File "/home/dave/.virtualenvs/dagster-modern-data-stack-assets-dg-GcWbdxwv/lib/python3.9/site-packages/dagster_dbt/asset_defs.py", line 433, in load_assets_from_dbt_manifest
    dbt_assets_def = _dbt_nodes_to_assets(
  File "/home/dave/.virtualenvs/dagster-modern-data-stack-assets-dg-GcWbdxwv/lib/python3.9/site-packages/dagster_dbt/asset_defs.py", line 272, in _dbt_nodes_to_assets
    return AssetsDefinition(
  File "/home/dave/.virtualenvs/dagster-modern-data-stack-assets-dg-GcWbdxwv/lib/python3.9/site-packages/dagster/core/asset_defs/assets.py", line 97, in __init__
    self._group_names_by_key[key] = validate_group_name(group_name)
  File "/home/dave/.virtualenvs/dagster-modern-data-stack-assets-dg-GcWbdxwv/lib/python3.9/site-packages/dagster/core/definitions/utils.py", line 123, in validate_group_name
    return check_valid_name(group_name)
  File "/home/dave/.virtualenvs/dagster-modern-data-stack-assets-dg-GcWbdxwv/lib/python3.9/site-packages/dagster/core/definitions/utils.py", line 57, in check_valid_name
    raise DagsterInvalidDefinitionError(
dagster.core.errors.DagsterInvalidDefinitionError: "meta" is not a valid name in Dagster. It conflicts with a Dagster or python reserved keyword.
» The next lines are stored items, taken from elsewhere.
Lemma is_derive_along_ray (N : nat) (V : vec N -> R) (g x : vec N) (s : R) :
  has_gradient V (vscale s x) g -> is_derive (fun u => V (vscale u x)) s (dot g x).
Proof.
move=> HG; apply/is_derive_Reals => eps Heps.
set nx := vnorm x.
have Hnx : 0 <= nx by apply: sqrt_pos.
have [d [Hd Hclose]] := HG (eps / (nx + 1)) ltac:(apply: Rdiv_lt_0_compat; lra).
have Hdelta : 0 < d / (nx + 1) by apply: Rdiv_lt_0_compat; lra.
exists (mkposreal _ Hdelta) => h Hh0 /= /Rlt_div_r Hhd.
have Hah : 0 < Rabs h by apply: Rabs_pos_lt.
have Hstep : vnorm (vscale h x) < d.
  by rewrite vnorm_scale -/nx; have := Hhd ltac:(lra); nra.
have := Hclose _ Hstep.
rewrite vadd_vscale dot_scale_r vnorm_scale -/nx => Hrem.
have -> : (V (vscale (s + h) x) - V (vscale s x)) / h - dot g x
        = (V (vscale (s + h) x) - V (vscale s x) - h * dot g x) / h by field.
rewrite Rabs_div //.
apply: (Rle_lt_trans _ (eps / (nx + 1) * nx)).
  by apply/Rle_div_l => //; lra.
have -> : eps / (nx + 1) * nx = eps - eps / (nx + 1) by field; lra.
have Heps' : 0 < eps / (nx + 1) by apply: Rdiv_lt_0_compat; lra.
lra.
Qed.

Section RayInequality.
Variables (N : nat) (alpha theta : R) (V : vec N -> R) (gradV : vec N -> vec N) (x : vec N).
Hypothesis HN : (3 <= N)%coq_nat.
Hypothesis Halpha : 0 < alpha.
Hypothesis Hgrad : forall y, has_gradient V y (gradV y).
Hypothesis Hx : x <> vzero.

Definition ray_profile (s : R) : R :=
  (INR N * V (vscale s x) + dot (gradV (vscale s x)) (vscale s x)) / rpow s alpha
  + (INR N - 2) ^ 3 * theta / (4 * rpow s (alpha + 2) * vnorm x ^ 2).

Definition theta_coef : R := (INR N - 2) ^ 3 * theta / (4 * vnorm x ^ 2).

Definition Phi (s : R) : R :=
  s ^ N * V (vscale s x) - ray_profile 1 / (INR N + alpha) * rpow s (INR N + alpha)
  + theta_coef / (INR N - 2) * s ^ (N - 2).

Lemma ray_profile_1 : ray_profile 1 = INR N * V x + dot (gradV x) x + theta_coef.
Proof.
have Hnx := vnorm_pos N x Hx.
rewrite /ray_profile /theta_coef !rpow_1 dot_scale_r vscale_1.
by field; nra.
Qed.

Lemma Phi_derive (s : R) : 0 < s ->
  is_derive Phi s (Rpower s (INR N + alpha - 1) * (ray_profile s - ray_profile 1)).
Proof.
move=> Hs; apply: is_derive_congr_val.
  apply: is_derive_plus; first apply: is_derive_minus.
  - apply: (is_derive_mult _ _ _ _ _ _ _ Rmult_comm).
      by apply: is_derive_pow; exact: is_derive_id.
    exact: is_derive_along_ray.
  - by apply: is_derive_scal; exact: is_derive_rpow.
  - by apply: is_derive_scal; apply: is_derive_pow; exact: is_derive_id.
have HN3 := INR_N_ge3 N HN.
have Hnx := vnorm_pos N x Hx.
have HP : 0 < Rpower s alpha by apply: exp_pos.
have Eexp : INR N + alpha - 1 = INR (N - 3) + (INR 2 + alpha).
  by rewrite minus_INR /=; [ring|lia].
have Eexp2 : alpha + 2 = INR 2 + alpha by rewrite /=; ring.
have EsN : s ^ N = s ^ (N - 3) * s ^ 3 by rewrite -pow_add; f_equal; lia.
have -> : N.-1 = (N - 3 + 2)%nat by lia.
have -> : (N - 2).-1 = (N - 3)%nat by lia.
set r1 := ray_profile 1.
rewrite /minus /plus /opp /mult /one /id /= /ray_profile /theta_coef.
rewrite !rpow_pos // Eexp Eexp2 !Rpower_nat_plus // pow_add EsN dot_scale_r INR_N_sub2 //.
by field; repeat split; nra.
Qed.

Lemma Phi_continuous_0 : continuous Phi 0.
Proof.
apply: continuous_plus; first apply: continuous_minus.
- apply: ex_derive_continuous; eexists.
  apply: (is_derive_mult _ _ _ _ _ _ _ Rmult_comm).
    by apply: is_derive_pow; exact: is_derive_id.
  exact: is_derive_along_ray.
- apply: continuous_mult; first exact: continuous_const.
  by apply: continuous_rpow_0; have := INR_N_ge3 N HN; lra.
- apply: ex_derive_continuous; eexists.
  by apply: is_derive_scal; apply: is_derive_pow; exact: is_derive_id.
Qed.

Lemma Phi_gap (t : R) :
  (alpha + INR N * rpow t (INR N + alpha)) * V x
  - (INR N + alpha) * t ^ N * V (vscale t x)
  + (rpow t (INR N + alpha) - 1) * dot (gradV x) x
  + (INR N - 2) ^ 2 * theta * gfun N alpha t / (4 * vnorm x ^ 2)
  = (INR N + alpha) * (Phi 1 - Phi t).
Proof.
have HN3 := INR_N_ge3 N HN.
have Hnx := vnorm_pos N x Hx.
rewrite /Phi ray_profile_1 rpow_1 !pow1 vscale_1 /gfun /theta_coef.
by field; repeat split; nra.
Qed.

Hypothesis Hmono : forall s t, 0 < s -> s <= t -> ray_profile t <= ray_profile s.

Lemma Phi_le_1 (t : R) : 0 <= t -> Phi t <= Phi 1.
Proof.
have Hmax : forall t, 0 < t -> Phi t <= Phi 1.
  apply: (max_at_one _ _ Phi_derive) => s Hs.
  have HP : 0 < Rpower s (INR N + alpha - 1) by apply: exp_pos.
  have Hsign : (s - 1) * (ray_profile s - ray_profile 1) <= 0.
    case: (Rlt_le_dec s 1) => Hs1.
    - by have := Hmono s 1 Hs ltac:(lra); nra.
    - by have := Hmono 1 s Rlt_0_1 Hs1; nra.
  by nra.
move=> Ht; case: (Req_dec t 0) => [->|Ht0]; last by apply: Hmax; lra.
exact: (le_at_0_of_continuous _ _ Phi_continuous_0 Hmax).
Qed.

Lemma ray_inequality (t : R) : 0 <= t ->
  (alpha + INR N * rpow t (INR N + alpha)) * V x
  - (INR N + alpha) * t ^ N * V (vscale t x)
  + (rpow t (INR N + alpha) - 1) * dot (gradV x) x
  >= - ((INR N - 2) ^ 2 * theta * gfun N alpha t) / (4 * vnorm x ^ 2).
Proof.
move=> Ht; have Hgap := Phi_gap t; have Hle := Phi_le_1 t Ht.
have HN3 := INR_N_ge3 N HN.
have Hnx := vnorm_pos N x Hx.
nra.
Qed.
Definition pU (R : realFieldType) (n : nat) (E : 'I_n -> R) (u : 'I_n)
  (k : 'I_n) : R :=
  if (val k <= val u)%N
  then ((if val k == 0%N then 3 else 1) / E k) /
       \sum_(j < n | (val j <= val u)%N) (if val j == 0%N then 3 else 1) / E j
  else 0.

(* For a candidate p, the products E_k p_k equal a common level b on the
   support (3b at the first index for pU); a vector x in J_2 lowers a level-b
   term by at most x_k b/2 and the 3b term by at most x_k b/2 + b, which
   leaves exactly V_v (resp. U_u).
   Conversely, for q in the simplex and mu = max(U_u, V_v), put a_k = E_k q_k
   and g_k = 1 - mu/E_k, so that sum a_k - mu = sum a_k g_k.  As g is
   nonincreasing, its positive part lives on a prefix, where U_i <= mu and
   V_i <= mu give sum g^+ <= 1 and 2 g_m + sum g^+ <= 2 whenever g_m > 0.
   If a_m >= a_s are the two largest a_k, this bounds sum a_k g_k by
   max(2 a_m / 3, (a_m + a_s) / 2): the loss of f at x = 2e_m or x = e_m + e_s. *)

From mathcomp Require Import all_boot all_order all_algebra.
From mathcomp Require Import ring lra.
Import Order.TTheory GRing.Theory Num.Theory.
Set Implicit Arguments. Unset Strict Implicit. Unset Printing Implicit Defensive.
Local Open Scope ring_scope.

Lemma sum1_prefix (R : realFieldType) (n : nat) (i : 'I_n) :
  \sum_(k < n | (val k <= val i)%N) (1 : R) = (val i).+1%:R.
Proof.
rewrite (eq_bigl (fun k : 'I_n => (val k < (val i).+1)%N)) => [|k]; last first.
  by rewrite ltnS.
by rewrite (big_ord_narrow (F := fun _ => (1 : R)) (ltn_ord i)) sumr_const card_ord.
Qed.

Lemma sum_prefix_at0 (R : realFieldType) (n : nat) (i k0 : 'I_n) (F : 'I_n -> R) :
  val k0 = 0%N ->
  \sum_(k < n | (val k <= val i)%N) (if val k == 0%N then F k else 0) = F k0.
Proof.
move=> k00; rewrite (bigD1 k0) ?k00 //= ?eqxx big1 ?addr0 // => k /andP[_ kk0].
by case: eqP => // k0E; case/eqP: kk0; apply: val_inj; rewrite k00.
Qed.

Section WorstCase.
Variables (R : realFieldType) (n : nat) (E p : 'I_n -> R).

Lemma fworst_le_fval x : J2 x -> fworst E p <= fval E p x.
Proof. by move=> Jx; rewrite /fworst (bigD1 x) //= ge_min lexx. Qed.

Lemma J2_x0 : (0 < n)%N -> J2 (x0 n).
Proof.
move=> n_gt0; rewrite /J2 (bigD1 (Ordinal n_gt0)) //= ffunE eqxx inordK //.
rewrite big1 // => i i_neq0; rewrite ffunE ifF ?inordK //.
by apply: contraNF i_neq0 => /eqP i0; apply/eqP/val_inj.
Qed.

Lemma le_fworst (M : R) : (0 < n)%N ->
  (forall x, J2 x -> M <= fval E p x) -> M <= fworst E p.
Proof.
move=> n_gt0 lb; apply: (big_ind (fun y => M <= y)); last by move=> x /lb.
- exact/lb/J2_x0.
- by move=> y z My Mz; rewrite le_min My Mz.
Qed.

Definition xdouble (m : 'I_n) : {ffun 'I_n -> 'I_3} :=
  [ffun i => if i == m then inord 2 else inord 0].

Definition xpair (m s : 'I_n) : {ffun 'I_n -> 'I_3} :=
  [ffun i => if (i == m) || (i == s) then inord 1 else inord 0].

Lemma J2_xdouble m : J2 (xdouble m).
Proof.
rewrite /J2 (bigD1 m) //= ffunE eqxx inordK // big1 // => i /negbTE im.
by rewrite ffunE im inordK.
Qed.

Lemma J2_xpair m s : m != s -> J2 (xpair m s).
Proof.
move=> ms; rewrite /J2 (bigD1 m) //= (bigD1 s) 1?eq_sym //=.
rewrite !ffunE !eqxx orbT !inordK // big1 // => i /andP[/negbTE im /negbTE i_s].
by rewrite ffunE im i_s inordK.
Qed.

Lemma fval_xdouble m :
  fval E p (xdouble m) = \sum_k E k * p k - 2 / 3 * (E m * p m).
Proof.
rewrite /fval (bigD1 m) //= [in RHS](bigD1 m) //= ffunE eqxx inordK //.
rewrite (eq_bigr (fun k => E k * p k)) => [|i /negbTE im]; first by field.
by rewrite ffunE im inordK // addr0 divr1.
Qed.

Lemma fval_xpair m s : m != s ->
  fval E p (xpair m s) = \sum_k E k * p k - (E m * p m + E s * p s) / 2.
Proof.
move=> ms; rewrite /fval (bigD1 m) //= [in RHS](bigD1 m) //=.
rewrite (bigD1 s) 1?eq_sym //= [in RHS](bigD1 s) 1?eq_sym //=.
rewrite !ffunE !eqxx orbT /= inordK //.
rewrite (eq_bigr (fun k => E k * p k)) => [|i /andP[/negbTE im /negbTE i_s]].
  by field.
by rewrite ffunE im i_s inordK // addr0 divr1.
Qed.

Lemma fworst_le_top_two m s : m != s ->
  fworst E p <= \sum_k E k * p k
                - Num.max (2 / 3 * (E m * p m)) ((E m * p m + E s * p s) / 2).
Proof.
move=> ms; have := fworst_le_fval (J2_xdouble m).
have := fworst_le_fval (J2_xpair ms).
rewrite fval_xdouble fval_xpair //.
by case: (leP (2 / 3 * (E m * p m)) ((E m * p m + E s * p s) / 2)).
Qed.

End WorstCase.

Definition ptrunc (R : realFieldType) (n : nat) (w : 'I_n -> R) (t k : 'I_n) : R :=
  if (val k <= val t)%N then w k / \sum_(j < n | (val j <= val t)%N) w j else 0.

Lemma inI_ptrunc (R : realFieldType) (n : nat) (w : 'I_n -> R) (t : 'I_n) :
  (forall k, 0 < w k) -> inI (ptrunc w t).
Proof.
move=> w_gt0; rewrite /ptrunc; set S := \sum_(j < n | _) _.
have le_wS k : (val k <= val t)%N -> w k <= S.
  move=> kt; rewrite /S (bigD1 k) //= lerDl.
  by apply: sumr_ge0 => i _; apply: ltW.
have S_gt0 : 0 < S by apply: lt_le_trans (w_gt0 t) (le_wS t (leqnn _)).
split=> [k|].
  case: ifP => kt; last by rewrite lexx ler01.
  by rewrite divr_ge0 ?(ltW (w_gt0 k)) ?(ltW S_gt0) //= ler_pdivrMr // mul1r le_wS.
by rewrite -big_mkcond /= -mulr_suml divff // gt_eqF.
Qed.

Lemma mul_div_1Sx_ge (R : realFieldType) (b c : R) (x : 'I_3) :
  0 <= b -> 1 <= c <= 3 ->
  (c + 1) / 2 * b - (x : nat)%:R * b / 2 <= c * b / (1 + (x : nat)%:R).
Proof.
move=> b_ge0 /andP[c_ge1 c_le3].
case: x => [[|[|[|]]] //= _]; rewrite ?mul0r ?subr0 ?addr0 ?divr1.
- by nra.
- by rewrite ler_pdivlMr; nra.
- by rewrite ler_pdivlMr; nra.
Qed.

Lemma le_fworst_ptrunc (R : realFieldType) (n : nat) (E c : 'I_n -> R) (t : 'I_n) :
  (forall k, 0 < E k) -> (forall k, 1 <= c k <= 3) ->
  (\sum_(k < n | (val k <= val t)%N) (c k + 1) / 2 - 1)
    / \sum_(k < n | (val k <= val t)%N) c k / E k
  <= fworst E (ptrunc (fun k => c k / E k) t).
Proof.
move=> E_gt0 c13; set D := \sum_(k < n | _) c k / E k.
have D_gt0 : 0 < D.
  rewrite /D (bigD1 t) //=; apply: ltr_pwDl.
    by case/andP: (c13 t) => c1 _; rewrite divr_gt0 ?(lt_le_trans ltr01 c1).
  apply: sumr_ge0 => k _; case/andP: (c13 k) => c1 _.
  by rewrite divr_ge0 ?(le_trans ler01 c1) ?(ltW (E_gt0 k)).
pose b := D^-1.
have b_ge0 : 0 <= b by rewrite invr_ge0 ltW.
have Ep k : E k * ptrunc (fun k => c k / E k) t k =
            if (val k <= val t)%N then c k * b else 0.
  rewrite /ptrunc -/D; case: ifP => _; last by rewrite mulr0.
  by rewrite /b; field; rewrite !gt_eqF.
apply: le_fworst; first exact: leq_ltn_trans (leq0n _) (ltn_ord t).
move=> x Jx; rewrite /fval.
pose h k := (if (val k <= val t)%N then (c k + 1) / 2 * b else 0)
            - (x k : nat)%:R * b / 2.
apply: (@le_trans _ _ (\sum_k h k)); last first.
  apply: ler_sum => k _; rewrite Ep /h; case: ifP => _.
    exact: mul_div_1Sx_ge.
  by rewrite mul0r add0r oppr_le0 divr_ge0 ?mulr_ge0.
have sum_x : \sum_k (x k : nat)%:R * b / 2 = b.
  by rewrite -!mulr_suml -natr_sum (eqP Jx); field.
rewrite /h sumrB sum_x -big_mkcond /= -(mulr_suml _ _ _ b) /b.
by rewrite mulrBl mul1r.
Qed.

Lemma exists_top_two d (T : orderType d) (n : nat) (a : 'I_n -> T) :
  (1 < n)%N ->
  exists m s : 'I_n,
    [/\ m != s, forall k, (a k <= a m)%O & forall k, k != m -> (a k <= a s)%O].
Proof.
move=> n_gt1; have n_gt0 : (0 < n)%N by apply: ltnW.
have [m _ a_m] := @arg_maxP _ _ _ (Ordinal n_gt0) predT a isT.
have [k1 k1m] : exists k1 : 'I_n, k1 != m.
  have [m0|] := eqVneq m (Ordinal n_gt0); last first.
    by exists (Ordinal n_gt0); rewrite eq_sym.
  by exists (Ordinal n_gt1); rewrite m0; apply/eqP => /(congr1 val).
have [s sm a_s] := @arg_maxP _ _ _ k1 (fun k => k != m) a k1m.
by exists m, s; split=> [|k|k]; [rewrite eq_sym | exact: a_m | exact: a_s].
Qed.

Lemma sum_pos_part_prefix (R : realDomainType) (n : nat) (g : 'I_n -> R) :
  (forall i k : 'I_n, (val i <= val k)%N -> g k <= g i) ->
  (forall k, g k <= 0) \/
  exists i : 'I_n,
    \sum_k Num.max (g k) 0 = \sum_(k < n | (val k <= val i)%N) g k.
Proof.
move=> g_noninc; have [k0 gk0|g_le0] := pickP (fun k => 0 < g k); last first.
  by left=> k; rewrite leNgt g_le0.
right; have [i gi i_max] := @arg_maxnP _ k0 (fun k => 0 < g k) val gk0.
exists i; rewrite (bigID (fun k : 'I_n => (val k <= val i)%N)) /=.
rewrite [X in _ + X]big1 ?addr0 => [|k]; last first.
  rewrite -ltnNge => ik; apply: max_r; rewrite leNgt.
  by apply: contraTN ik => /i_max; rewrite -leqNgt.
apply: eq_bigr => k ki; apply: max_l; apply: ltW.
exact: lt_le_trans gi (g_noninc _ _ ki).
Qed.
as a quick fix in dbt_dagster:

_dbt_nodes_to_assets()

        # set the group for this asset
        group_name = _get_node_group_name(node_info)
        if group_name == 'meta':
            group_names[asset_key] = 'meta_dg_fix'
        elif group_name is not None:
            group_names[asset_key] = group_name

send a notification TBC

re_data notify slack \                                              ✘ INT  re-data-dbt-aMOho44y
--start-date 2022-06-20 \
--end-date 2022-06-27 \
--webhook-url https://hooks.slack.com/services/T00000000/B00000000/XXXXXXXXXXXXXXXXXXXXXXXX \
--subtitle="[Optional] Daves Markdown text to be added as a subtitle in the slack message generated"

Local Postgres

To keep things running on a single machine, we'll use a local postgres instance as both the source and the destination for our data. You can imagine the "source" database as some online transactional database, and the "destination" as a data warehouse (something like Snowflake).

To get a postgres instance with the required source and destination databases running on your machine, you can run:

$ docker pull postgres
$ docker run --name mds-demo -p 5432:5432 -e POSTGRES_PASSWORD=password -d postgres
$ PGPASSWORD=password psql -h localhost -p 5432 -U postgres -d postgres -c "CREATE DATABASE postgres_replica;"

Airbyte

Now, you'll want to get Airbyte running locally. The full instructions can be found here, but if you just want to run some commands (in a separate terminal):

$ git clone https://github.com/airbytehq/airbyte.git
$ cd airbyte
$ docker-compose up

Once you've done this, you should be able to go to http://localhost:8000, and see Airbyte's UI.

Data and Connections

Now, you'll want to seed some data into the empty database you just created, and create an Airbyte connection between the source and destination databases.

There's a script provided that should handle this all for you, which you can run with:

$ python -m modern_data_stack_assets.setup_airbyte

At the end of this output, you should see something like:

Created Airbyte Connection: c90cb8a5-c516-4c1a-b243-33dfe2cfb9e8

This connection id is specific to your local setup, so you'll need to update constants.py with this value. Once you've update your constants.py file, you're good to go!